Oakham ales’ Inferno (4.4% abv) lends five different hops from the Yakima Valley – the first American viticultural area (!). The label boasts that the golden ale creates a floral aroma and a unique flavour promising “complex fruits across your tongue, leaving a dry, fruity, bitter finish, smothering your thirst.”
I can imagine writing a review “review” (as I understand my last incurred very little related review material) at 6 a.m. after having awoken 1.5 hours ago is possibly not the best condition to be writing and drinking about beer.
The bottle dresses in a fiery label of reds and yellows surrounded by a fading black border. It actually looks similar to something I could have designed in MS paint (and my skills are somewhat limited). Although, under the “I” of “INFERNO” I’m pretty certain I can see a couple of pterodactyls 😉
It smells of dark, wild fruits and it has something else underlyingly cynical in the smell though I can’t say it makes an effort to infiltrate my nostrils. The bottle’s brown glass secrets the surprise of the golden, musky, opaque liquid within. From how I pour it there sits 1cm of foam, which blankets the tiny dark bubbles that soothingly rise. It strangely calms and mesmerises me, though that could well be because I’m entering into a state of delirium.

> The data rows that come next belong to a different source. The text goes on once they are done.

Variables (V : finType) (G G' : graph V).
Hypotheses (hs : symmetric_graph G) (hs' : symmetric_graph G').
Hypothesis hl' : forall u, G' u u <= 1.
Hypothesis hdeg : forall u, degree G u = degree G' u.

Lemma improving_swap_through (x b1 b2 : V) :
  G' x x <= G x x -> G' x b1 < G x b1 -> G' x b2 < G x b2 ->
  b1 <> b2 \/ G b1 b1 = 0 -> exists a b c d, improving_swap G G' a b c d.
Proof.
move=> hxx hb1 hb2 hb12.
have [y hy] := exists_excess (fun u => esym (hdeg u)) hb1.
have hyx : G y x < G' y x by rewrite hs hs'.
have [d hd] := exists_excess hdeg hyx.
have hxy : x <> y by move=> exy; move: hy; rewrite -exy; lia.
have [b [hb hbd]] : exists b, G' x b < G x b /\ (b <> d \/ G b b = 0).
  case: (eqVneq d b1) => [db1|db1]; last by exists b1; split=> //; left; apply/eqP; rewrite eq_sym.
  case: hb12 => [b12|]; last by exists b1; split=> //; right.
  by exists b2; split=> //; left; rewrite db1 => /esym.
exists x, b, y, d; split => //.
left => -[[exy _]|[_ eby]]; first exact: hxy.
by rewrite eby in hb; lia.
Qed.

Onto the taste, I promise I won’t stare at it all morning (and oh gosh, yes please!)
…Ooh, well that was not the taste I have been expecting. It has no impacting flavour, almost foresty with a thin yet soapy density. It offers a heavy, bitter, slightly numbing blanket to your tongue. I enjoy bitter and although it is one of my most preferred taste sensations I’d also enjoy the use of my tongue for other tastes in future.
Over half way through the pint and its character hasn’t evolved for better nor worse. I still struggle to break through the bitter wall and in doing so I start to get highlights of sweet and salty. It has taken me an embarrassingly long while to drink the ale and throughout I have had none of the promised complex fruit flavour. You’re more like the club Infernos in Clapham than what you should be as an ale. No offence.
I should probably move onto coffee and have a siesta.